Il team guidato da Blue Origin – che comprende Lockheed Martin, Boeing, Draper, Astrobotic e Honeybee Robotics – investirà oltre 7 miliardi, mentre l’aggiudicazione del contratto vale poco più di 3,4 miliardi di dollari, hanno detto i funzionari dell’Agenzia spaziale americana in un comunicato. “Stiamo facendo un ulteriore investimento nell’infrastruttura che aprirà la strada allo sbarco dei primi esseri umani su Marte”, ha dichiarato l’amministratore della Nasa, Bill Nelson nell’annunciare la vittoria di Blue Origin.

Il lander Blue Moon

La Nasa ha scelto la compagnia Blue Origin per sviluppare un secondo sistema di atterraggio per il trasporto di astronauti sulla Luna in alternativa a quello già commissionato alla SpaceX di Elon Musk, con l’obiettivo di aumentare la concorrenza, ridurre i costi e garantirsi allunaggi regolari. 

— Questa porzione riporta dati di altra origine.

Lemma tdd_ind (P : V -> Prop) :
  (forall v c, kind F v = Term n V c -> P v) ->
  (forall v x lo hi w0 w1, kind F v = Node x lo hi w0 w1 -> P lo -> P hi -> P v) ->
  forall v, P v.
Proof.
move=> Pterm Pnode v; have [k] := ubnP (depth v); elim: k v => // k IH v.
rewrite ltnS => dv; case Ev: (kind F v) => [c|x lo hi w0 w1]; first exact: Pterm Ev.
apply: (Pnode _ _ _ _ _ _ Ev); apply: IH; apply: leq_trans dv.
  exact/depth_succ/(succ_low Ev).
exact/depth_succ/(succ_high Ev).
Qed.

Lemma depth2_ind (P : V -> V -> Prop) :
  (forall u v, (forall u' v', (depth u' + depth v' < depth u + depth v)%N ->
                P u' v') -> P u v) ->
  forall u v, P u v.
Proof.
move=> step u v; have [k] := ubnP (depth u + depth v); elim: k u v => // k IH u v.
by rewrite ltnS => duv; apply: step => u' v' lt; apply: IH; apply: leq_trans duv.
Qed.

Lemma phi_fuel_stable k1 k2 v :
  (depth v <= k1)%N -> (depth v <= k2)%N -> phi_fuel F k1 v = phi_fuel F k2 v.
Proof.
elim: k1 k2 v => [|k1 IH] [|k2] v dv1 dv2;
  rewrite ?leqn0 ?(gtn_eqF (depth_gt0 v)) // in dv1 dv2.
rewrite /=; case Ev: (kind F v) => [//|x lo hi w0 w1].
have dlo := depth_succ (succ_low Ev); have dhi := depth_succ (succ_high Ev).
by rewrite (IH k2 lo) ?(IH k2 hi) // -ltnS ?(leq_trans dlo) ?(leq_trans dhi).
Qed.

Lemma Phi_term v c : kind F v = Term n V c -> Phi F v = [ffun _ => c].
Proof.
move=> Ev; rewrite /Phi; have : (0 < #|V|)%N by apply/card_gt0P; exists v.
by case: #|V| => //= k _; rewrite Ev.
Qed.

Lemma Phi_node v x lo hi w0 w1 : kind F v = Node x lo hi w0 w1 ->
  Phi F v = [ffun a : assignment n => w0 * (1 - (a x)%:R) * Phi F lo a
                                    + w1 * (a x)%:R * Phi F hi a].
Proof.
move=> Ev; rewrite /Phi; have := depth_le_card v.
case: #|V| (depth_gt0 v) => [|k] dv0 dvk; first by rewrite leqn0 gtn_eqF in dvk.
have dlo := depth_succ (succ_low Ev); have dhi := depth_succ (succ_high Ev).
rewrite /= Ev (@phi_fuel_stable k k.+1 lo) ?(@phi_fuel_stable k k.+1 hi) //.
all: by rewrite -ltnS ?(leq_trans dlo) ?(leq_trans dhi) // ltnW.
Qed.

End Depth.

Section Cofactors.

Variables (n : nat) (C : numDomainType) (V : finType) (F : tdd n C V).
Hypothesis acyclic : forall v u, succ F v u -> ~~ connect (succ F) u v.
Hypothesis ordered_F : ordered F.

Definition below (i : 'I_n) (v : V) : bool :=
  if kind F v is Node y _ _ _ _ then (i < y)%N else true.

Definition set_bit (a : assignment n) (i : 'I_n) (b : bool) : assignment n :=
  [ffun j => if j == i then b else a j].

Lemma below_low v x lo hi w0 w1 : kind F v = Node x lo hi w0 w1 -> below x lo.
Proof.
by move=> Ev; move: (ordered_F Ev (mem_head lo [:: hi])); rewrite /below; case: kind.
Qed.

Lemma below_high v x lo hi w0 w1 : kind F v = Node x lo hi w0 w1 -> below x hi.
Proof.
move=> Ev; have hi_in : hi \in [:: lo; hi] by rewrite !inE eqxx orbT.
by move: (ordered_F Ev hi_in); rewrite /below; case: kind.
Qed.

Lemma below_trans (i x : 'I_n) v : (i < x)%N -> below x v -> below i v.
Proof. by rewrite /below; case: kind => // y _ _ _ _; apply: ltn_trans. Qed.

Lemma Phi_set_bit i b a v : below i v -> Phi F v (set_bit a i b) = Phi F v a.
Proof.
elim/(tdd_ind acyclic): v => [v c Ev|v y lo hi w0 w1 Ev IHlo IHhi] iv.
  by rewrite (Phi_term Ev) !ffunE.
move: iv; rewrite /below Ev => iy.
have /negbTE yi : y != i by rewrite -val_eqE /= gtn_eqF.
rewrite (Phi_node acyclic Ev) !ffunE yi.
by rewrite IHlo ?IHhi ?(below_trans iy) ?(below_low Ev) ?(below_high Ev).
Qed.

Lemma Phi_low v x lo hi w0 w1 : kind F v = Node x lo hi w0 w1 ->
  forall a, Phi F v (set_bit a x false) = w0 * Phi F lo a.
Proof.
move=> Ev a; rewrite (Phi_node acyclic Ev) ffunE (Phi_set_bit _ _ (below_low Ev)).
by rewrite ffunE eqxx subr0 mulr1 mulr0 mul0r addr0.
Qed.

Lemma Phi_high v x lo hi w0 w1 : kind F v = Node x lo hi w0 w1 ->
  forall a, Phi F v (set_bit a x true) = w1 * Phi F hi a.
Proof.
move=> Ev a; rewrite (Phi_node acyclic Ev) ffunE (Phi_set_bit _ _ (below_high Ev)).
by rewrite ffunE eqxx subrr mulr0 mul0r add0r mulr1.
Qed.

End Cofactors.

Section NormalTensors.

Variables (n : nat) (C : numFieldType).
Implicit Types (phi psi : tensor n C) (a b : assignment n).

Lemma lex_lt_asym a b : lex_lt a b -> ~ lex_lt b a.
Proof.
case=> [i [lt_i [ai bi]]] [j [lt_j [bj aj]]].
case: (ltngtP i j) => [ij|ji|/val_inj ij].
- by move: (lt_j i ij); rewrite ai bi.
- by move: (lt_i j ji); rewrite aj bj.
- by move: aj; rewrite -ij ai.
Qed.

Il contratto da 3,4 miliardi di dollari prevede lo sviluppo e il collaudo di un lander denominato Blue Moon che nell’ambito della missione Artemis V dovrà fare da navetta per il trasporto degli astronauti tra la stazione orbitante Gateway e la superficie lunare. 

Apripista per Marte

Siamo in un’età d’oro del volo umano nello Spazio, reso possibile dalle partnership commerciali e internazionali della Nasa”, ha affermato il capo dell’agenzia spaziale statunitense Bill Nelson durante la conferenza stampa in cui è stato dato l’annuncio. “Insieme stiamo facendo un investimento nell’infrastruttura che aprirà la strada allo sbarco dei primi astronauti su Marte”. 

La mssione Artemis V

Per la missione Artemis V, il razzo Sls della Nasa lancerà quattro astronauti in orbita lunare a bordo della navetta Orion. Una volta che il veicolo sarà agganciato al Gateway, due astronauti si trasferiranno al sistema di atterraggio di Blue Origin per un viaggio di circa una settimana nella regione del Polo Sud lunare, dove condurranno attività scientifiche ed esplorative. La Nasa aveva precedentemente incaricato SpaceX di sviluppare un primo sistema di atterraggio umano per la missione Artemis III e di evolvere il suo progetto in modo da soddisfare i requisiti per Artemis IV. 

Una nuova economia lunare

“Avere due distinti progetti di lander lunari, con approcci diversi nel modo in cui soddisfano le esigenze di missione della Nasa, fornisce maggiore robustezza e garantisce una cadenza regolare degli allunaggi”, ha affermato Lisa Watson-Morgan, manager del Programma per i sistemi di atterraggio umano presso il Marshall Space Flight Center della Nasa ad Huntsville (Alabama). Ha aggiunto: “Questo approccio competitivo guida l’innovazione, riduce i costi e investe in capacità commerciali per far crescere le opportunità di business che possono servire altri clienti e promuovere un’economia lunare”.